Em toda essa luta intestina pelo poder, travada entre
representantes dos diversos poderes: políticos, jurídicos, mediáticos,
empresariais etc., a faceta mais enigmática é a determinação resoluta das organizações
Globo em retirar Michel Temer do poder. Considerando-se ter sido esse grupo
mediático o carro-chefe do processo de impeachment, junto com juízes e
procuradores-estrela da Lava Jato, e ainda o fato evidente de ele apoiar
integralmente todas as “reformas” em curso, resta muito pouco para explicar
este engajamento pela continuidade do “primeiro a gente tira Dilma e depois o
resto”.
O fato de o mandatário da república ter sido flagrado em uma
conversa com indícios de crimes graves chega a ser ridículo como este “pouco”
para esclarecer o empenho dos Marinho.
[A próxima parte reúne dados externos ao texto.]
(* For real $p$, the inequalities $$\left( \frac{\sin x}{x}\right) ^{2p}+\left( \frac{\tan x}{x}\right)^{p}>\left( \frac{x}{\sin x}\right) ^{2p}+\left( \frac{x}{\tan x}\right)^{p}>2$$ hold for all $x\in(0,\pi/2)$ if and only if $p\geq \frac{\ln 2}{2(\ln \pi -\ln 2)}$. *)

From Stdlib Require Export Reals.
Open Scope R_scope.

From Stdlib Require Import Reals Lra Factorial List.
Import ListNotations.
Open Scope R_scope.

(* Write a = x / sin x and b = x / tan x, so that the inequalities read
   a^(-2p) + b^(-p) > a^(2p) + b^p > 2.  Since 1/u + 1/v > u + v iff uv < 1, and
   0 < a^2 b = x^3 cos x / sin^3 x < 1, the first one holds exactly when p > 0.
   By Bernoulli's inequality, u^q + v^q > 2 implies u^p + v^p > 2 whenever
   0 < q <= p, so for p >= pcrit := ln 2 / (2 ln (PI/2)) the second one reduces
   to the exponent 3/4 on (0, 13/10] and to the exponent pcrit on (13/10, PI/2),
   where (PI/2)^(2 pcrit) = 2; both follow from Taylor bounds for sin and cos
   and a polynomial positivity certificate.  Conversely, as x -> PI/2 we have
   a -> PI/2 and b -> 0, so a^(2p) + b^p approaches (PI/2)^(2p) < 2 when
   0 < p < pcrit. *)

Lemma Rle_div_l a b c : 0 < c -> a <= b * c -> a / c <= b.
Proof.
  intros Hc H. apply Rmult_le_reg_r with c; [exact Hc|].
  unfold Rdiv. rewrite Rmult_assoc, Rinv_l; lra.
Qed.

Lemma Rle_div_r a b c : 0 < c -> a * c <= b -> a <= b / c.
Proof.
  intros Hc H. apply Rmult_le_reg_r with c; [exact Hc|].
  unfold Rdiv. rewrite Rmult_assoc, Rinv_l; lra.
Qed.

Lemma ln_le_sub_1 u : 0 < u -> ln u <= u - 1.
Proof. intros Hu. pose proof (exp_ineq1_le (ln u)). rewrite exp_ln in *; lra. Qed.

Lemma Rpower_pos a r : 0 < Rpower a r.
Proof. apply exp_pos. Qed.

Lemma Rpower_Rinv a r : 0 < a -> Rpower (/ a) r = / Rpower a r.
Proof.
  intros Ha. unfold Rpower. rewrite ln_Rinv, <- exp_Ropp by exact Ha. f_equal; ring.
Qed.

Lemma Rpower_lt_1_iff t r : 0 < t < 1 -> (Rpower t r < 1 <-> 0 < r).
Proof.
  intros Ht. unfold Rpower. rewrite <- exp_0.
  assert (Hlnt : ln t < 0) by (rewrite <- ln_1; apply ln_increasing; lra).
  split; intros H.
  - apply exp_lt_inv in H. nra.
  - apply exp_increasing. nra.
Qed.

Lemma Rle_Rpower_base_le1 t r s : 0 < t <= 1 -> r <= s -> Rpower t s <= Rpower t r.
Proof.
  intros Ht Hrs. unfold Rpower.
  assert (ln t <= 0).
  { destruct (Req_dec t 1) as [->|Ht1]; [rewrite ln_1; lra|].
    rewrite <- ln_1. left. apply ln_increasing; lra. }
  destruct (Req_dec (s * ln t) (r * ln t)) as [->|Hne]; [lra|].
  left. apply exp_increasing. nra.
Qed.

Lemma Rpower_ratio_gt a m n L : 0 < a -> n <> 0%nat ->
  L ^ n < a ^ m -> L < Rpower a (INR m / INR n).
Proof.
  intros Ha Hn HL. set (y := Rpower a (INR m / INR n)).
  assert (Hy : y ^ n = a ^ m).
  { unfold y. rewrite <- (Rpower_pow n) by apply Rpower_pos.
    rewrite Rpower_mult, <- (Rpower_pow m a Ha). f_equal. field. now apply not_0_INR. }
  destruct (Rlt_le_dec L y) as [H|H]; [exact H|].
  pose proof (pow_incr y L n (conj (Rlt_le _ _ (Rpower_pos _ _)) H)). lra.
Qed.

Lemma Rpower_bernoulli y r : 0 < y -> 1 <= r -> 1 + r * (y - 1) <= Rpower y r.
Proof.
  intros Hy Hr. set (z := 1 + r * (y - 1)).
  destruct (Rle_lt_dec z 0) as [Hz|Hz]; [pose proof (Rpower_pos y r); lra|].
  (* ln z = ln y + ln (z/y) <= ln y + (r - 1)(1 - 1/y) <= r ln y, using ln u <= u - 1
     at u = z/y and at u = 1/y. *)
  assert (Hzy : ln z <= r * ln y).
  { assert (Hq : 0 < z / y) by (apply Rdiv_lt_0_compat; lra).
    assert (Hinv : 1 - / y <= ln y).
    { pose proof (ln_le_sub_1 (/ y) ltac:(apply Rinv_0_lt_compat; lra)).
      rewrite ln_Rinv in *; lra. }
    replace z with (y * (z / y)) by (field; lra).
    rewrite ln_mult by lra.
    pose proof (ln_le_sub_1 (z / y) Hq).
    replace (z / y - 1) with ((r - 1) * (1 - / y)) in * by (unfold z; field; lra).
    nra. }
  unfold Rpower. rewrite <- (exp_ln z) at 1 by exact Hz.
  destruct (Req_dec (ln z) (r * ln y)) as [->|Hne]; [lra|].
  left. apply exp_increasing. lra.
Qed.

Lemma Rpower_sum_gt2_mono u v q p : 0 < q <= p ->
  Rpower u q + Rpower v q > 2 -> Rpower u p + Rpower v p > 2.
Proof.
  intros Hqp H. set (r := p / q).
  assert (Hr : 1 <= r) by (apply Rle_div_r; lra).
  assert (Hp : forall w, Rpower w p = Rpower (Rpower w q) r).
  { intros w. rewrite Rpower_mult. f_equal. unfold r. field. lra. }
  rewrite !Hp.
  pose proof (Rpower_bernoulli (Rpower u q) r (Rpower_pos _ _) Hr).
  pose proof (Rpower_bernoulli (Rpower v q) r (Rpower_pos _ _) Hr).
  nra.
Qed.

Lemma Rinv_add_gt_add_iff u v : 0 < u -> 0 < v -> (/ u + / v > u + v <-> u * v < 1).
Proof.
  intros Hu Hv.
  replace (/ u + / v) with (u + v + (u + v) * (1 - u * v) / (u * v)) by (field; lra).
  assert (Huv : 0 < (u + v) / (u * v)) by (apply Rdiv_lt_0_compat; nra).
  replace ((u + v) * (1 - u * v) / (u * v)) with ((u + v) / (u * v) * (1 - u * v)) by (field; lra).
  split; intros H; nra.
Qed.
Não nos esqueçamos: a conversa gravada
entre Joesley e Temer não foi espontânea, e sim fruto de uma ação orquestrada
para produzir provas, confirmando o já anunciado nas conversas e tratativas do
empresário com procuradores e juízes. Parafraseando Sérgio Machado, é
impossível a Globo não saber “dos esquemas do Temer”, antes mesmo da campanha
contra Dilma: tratou-se apenas do timing certo para retirar um dos pés de apoio
do agora acusado como chefe da pior quadrilha criminosa do Brasil.
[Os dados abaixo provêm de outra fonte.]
(* Let $P=P_0\cup P_m$ be a finite poset with $P_0\cap P_m=\emptyset$, where $P_m=\{x_1,\dots,x_m\}$, and put $P_i=\{x_1,\dots,x_i\}$ for $i=1,\dots,m$ (and regard $P_0\cup P_i$ as induced subposets of $P$). Then $$\mathcal{F}(P)\cong(\cdots((\mathcal{F}(P_0)\boxplus\mathcal{F}((P_0\cup P_1)*x_1))\boxplus\mathcal{F}((P_0\cup P_2)*x_2))\boxplus\cdots\boxplus\mathcal{F}((P_0\cup P_{m-1})*x_{m-1}))\boxplus\mathcal{F}((P_0\cup P_m)*x_m),$$ that is, there are lattices $L_0=\mathcal{F}(P_0),L_1,\dots,L_m$ with $L_m\cong\mathcal{F}(P)$ such that for each $i$, $L_i=L_{i-1}\boxplus K_i$ for some cutting $K_i$ of $L_{i-1}$ with $K_i\cong\mathcal{F}((P_0\cup P_i)*x_i)$.
   Context: For a finite poset $P$, $\mathcal{F}(P)$ is the set of filters (up-sets) of $P$ ordered by reverse inclusion; it is a finite distributive lattice with least element $P$ and greatest element $\emptyset$, and $\mathcal{F}(\emptyset)$ is the one-element lattice. A cutting of a finite distributive lattice $L$ is an interval $K=[\hat0_K,\hat1_K]$ of $L$ such that every maximal chain of $L$ meets $K$. Every finite distributive lattice is isomorphic to some $\mathcal{F}(Q)$. For a cutting $K$ of $L=\mathcal{F}(Q)$, let $S=\hat0_K\setminus\hat1_K$, $S_0$ the set of maximal elements of $Q\setminus\hat0_K$, $S_1$ the set of minimal elements of $\hat1_K$. The poset $Q_K$ is $Q\cup\{x_K\}$ ($x_K$ new) where the order on $Q$ is unchanged, $z<x_K$ iff $z\le s$ for some $s\in S_0$, $x_K<y$ iff $y\ge s$ for some $s\in S_1$, and $x_K$ is incomparable to every element of $S$. The convex expansion is $L\boxplus K:=\mathcal{F}(Q_K)$. For a poset $Q$ and element $x$, $Q*x$ is the induced subposet of elements of $Q$ incomparable to $x$. *)

From mathcomp Require Import all_boot.
Set Implicit Arguments. Unset Strict Implicit. Unset Printing Implicit Defensive.

(* A finite "poset presentation": an ambient finite type, a domain (the
   elements of the poset, allowing induced subposets) and the order relation
   (only its restriction to the domain matters). *)
Record fposet := FPoset { car : finType; dom : {set car}; ord : rel car }.

(* F(Q): the filters (up-sets) of Q.  F(Q) is ordered by REVERSE inclusion:
   X <= Y in F(Q) iff Y \subset X. *)
Definition filters (Q : fposet) : {set {set car Q}} :=
  [set A : {set car Q} | (A \subset dom Q) &&
     [forall x in dom Q, forall y in dom Q,
        (x \in A) && @ord Q x y ==> (y \in A)]].

Definition is_chain (Q : fposet) (C : {set {set car Q}}) : Prop :=
  C \subset filters Q /\
  forall X Y, X \in C -> Y \in C -> X \subset Y \/ Y \subset X.

Definition maximal_chain (Q : fposet) (C : {set {set car Q}}) : Prop :=
  @is_chain Q C /\ forall C', @is_chain Q C' -> C \subset C' -> C' = C.

(* the interval [a, b] of F(Q) (bottom a, top b; a <= b means b \subset a) *)
Definition interval (Q : fposet) (a b : {set car Q}) : {set {set car Q}} :=
  [set X in filters Q | (b \subset X) && (X \subset a)].

Definition is_cutting (Q : fposet) (a b : {set car Q}) : Prop :=
  [/\ a \in filters Q, b \in filters Q, b \subset a &
   forall C, @maximal_chain Q C -> exists2 X, X \in C & X \in @interval Q a b].

Definition S0 (Q : fposet) (a : {set car Q}) : {set car Q} :=
  [set s in dom Q :\: a | [forall t in dom Q :\: a, @ord Q s t ==> (t == s)]].
Definition S1 (Q : fposet) (b : {set car Q}) : {set car Q} :=
  [set s in b | [forall t in b, @ord Q t s ==> (t == s)]].

(* order of Q_K, new element x_K = None *)
Definition expand_rel (Q : fposet) (a b : {set car Q}) :
  rel (option (car Q)) := fun u v =>
  match u, v with
  | Some z, Some y => @ord Q z y
  | Some z, None => [exists s in @S0 Q a, @ord Q z s]
  | None, Some y => [exists s in @S1 Q b, @ord Q s y]
  | None, None => true
  end.

(* Q_K, so that F(Q) \boxplus [a,b] = filters (@expand Q a b) *)
Definition expand (Q : fposet) (a b : {set car Q}) : fposet :=
  @FPoset (option (car Q)) (None |: (Some @: dom Q)) (expand_rel a b).

Definition iso_lat (T U : finType) (A : {set {set T}}) (B : {set {set U}})
  : Prop :=
  exists f : {set T} -> {set U},
    [/\ forall X, X \in A -> f X \in B,
        forall Y, Y \in B -> exists2 X, X \in A & f X = Y &
        forall X Y, X \in A -> Y \in A -> (f Y \subset f X) <-> (Y \subset X)].

(* expansion_chain Q [R_1;..;R_m] P : starting from L_0 = F(Q), there are
   cuttings K_i of L_{i-1} with K_i ~ F(R_i), L_i = L_{i-1} \boxplus K_i,
   and L_m ~ F(P). *)
Fixpoint expansion_chain (Q : fposet) (Rs : seq fposet) (P : fposet) : Prop :=
  match Rs with
  | [::] => iso_lat (filters Q) (filters P)
  | R :: Rs' => exists a b : {set car Q},
      [/\ @is_cutting Q a b, iso_lat (@interval Q a b) (filters R) &
          expansion_chain (@expand Q a b) Rs' P]
  end.

Definition incomparable (T : finType) (le : rel T) (x t : T) : bool :=
  ~~ le t x && ~~ le x t.

From mathcomp Require Import all_boot.
Set Implicit Arguments. Unset Strict Implicit. Unset Printing Implicit Defensive.

(* Induction on i, keeping an order embedding of the poset Q_i underlying L_i
   onto P_0 \cup P_i.  To adjoin y = x_(i+1), let 0_K be the filter of the
   elements not below y and 1_K the filter of the elements above y.  Every
   element outside 0_K lies below every element of 1_K, which forces K to be
   a cutting; K \cong F(0_K \ 1_K), and 0_K \ 1_K is the set of elements
   incomparable to y; finally, in Q_K the new element x_K lies above exactly
   the elements outside 0_K and below exactly those of 1_K, so sending x_K to
   y extends the embedding onto P_0 \cup P_(i+1). *)

Lemma filtersP (Q : fposet) (X : {set car Q}) :
  reflect (X \subset dom Q /\
           {in dom Q &, forall u v, u \in X -> ord u v -> v \in X})
          (X \in filters Q).
Proof.
rewrite inE; apply: (iffP andP) => [[Xd /forall_inP Xup] | [Xd Xup]]; split=> //.
  move=> u v ud vd uX uv.
  by move: (Xup u ud) => /forall_inP/(_ v vd)/implyP; apply; rewrite uX.
apply/forall_inP=> u ud; apply/forall_inP=> v vd.
by apply/implyP=> /andP[]; apply: Xup.
Qed.

Lemma iso_lat_trans (T U V : finType) (A : {set {set T}}) (B : {set {set U}})
  (C : {set {set V}}) : iso_lat A B -> iso_lat B C -> iso_lat A C.
Proof.
move=> [f [fAB f_onto f_mono]] [g [gBC g_onto g_mono]].
exists (g \o f); split=> [X XA | Z ZC | X Y XA YA] /=.
- exact/gBC/fAB.
- have [Y YB <-] := g_onto Z ZC; have [X XA <-] := f_onto Y YB.
  by exists X.
- exact: iff_trans (g_mono _ _ (fAB _ XA) (fAB _ YA)) (f_mono _ _ XA YA).
Qed.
Considerando ser a fragilidade do governo federal um grande
empecilho para não apenas a celeridade, mas até mesmo à própria aprovação das
reformas trabalhista e previdenciária, o empenho político da Globo seria
contraditório. Inicialmente, esse paradoxo seria desfeito ao se assumir sua
intenção de trocar Michel temer por alguém do PSDB, mas não é de hoje que os
principais nomes do partido estão gravemente atingidos por denúncias de
corrupção e desvio de dinheiro público. Faria pouco sentido armar toda esta a
ação combativa com o propósito de catapultar João Dória ao Palácio do Planalto,
considerando sua pouca experiência administrativa, ausência de fatos capazes de
engrandecer sua imagem, pouquíssimo carisma popular, baixíssima
representatividade eleitoral no nordeste etc.
Em suma: falta algum elemento propositivo a compensar a instabilidade
política e a deslegitimação de um governo até agora completamente orientado a
cumprir os objetivos do grande empresariado, cujo principal porta-voz são as
organizações Globo.
A única resposta viável me parece ser o desejo de apoiar Jair
Bolsonaro à presidência da república. A história política, pelo menos desde o
início do século XX, tem exemplos fartos de a extrema direita ser tomada como “solução”
pseudo-política das massas em situação de desesperança, anomia, instabilidade
econômica e institucional. Em vez de lutar pela construção de mecanismos
inclusivos e de distribuição das oportunidades de trabalho, favorecendo a
distribuição de renda e o alargamento da participação democrática nas decisões,
tem-se exatamente o inverso: uma regressão político-democrática, tomando o
sacrifício individual como preço por uma ordem e estabilidade impostas desde
cima pela mão suficientemente forte, cujo autoritarismo se coaduna
perfeitamente com a “condição de desamparo”, tão bem estudada por Freud. Aquele
defensor dos governos ditatoriais e dos mecanismos de tortura se presta
especialmente bem a esse papel. Ao contrário de João Dória, sua inexperiência
administrativa lhe é favorável, pois o regime imaginário a ser mobilizado em
sua propaganda mediática espontânea é exatamente a atuação extra-institucional,
não-política, agindo como um rolo compressor sobre não apenas a desordem, mas
fundamentalmente sobre as diferenças, sobre as heterogeneidades das demandas.
Em vez do esforço de construção de uma sociedade igualitária, tem-se o
princípio regressivo de achatamento das diferenças por imposição de cima para
baixo.
O Brasil sempre foi uma sociedade autoritária, golpista e
avessa ao espírito democrático, tendo experimentado breves momentos de
estabilidade para a construção do espírito de cidadania. O projeto político
favorecido pelas organizações Globo é uma reação forte e radical ao que os
governos de Lula e Dilma representaram como construção democrática. Quanto
maior a percepção de instabilidade das instituições políticas, quanto maior a
descrença e a desesperança em soluções “políticas”, mais se pavimenta a via do
autoritarismo. Esperamos que o Brasil não siga este caminho.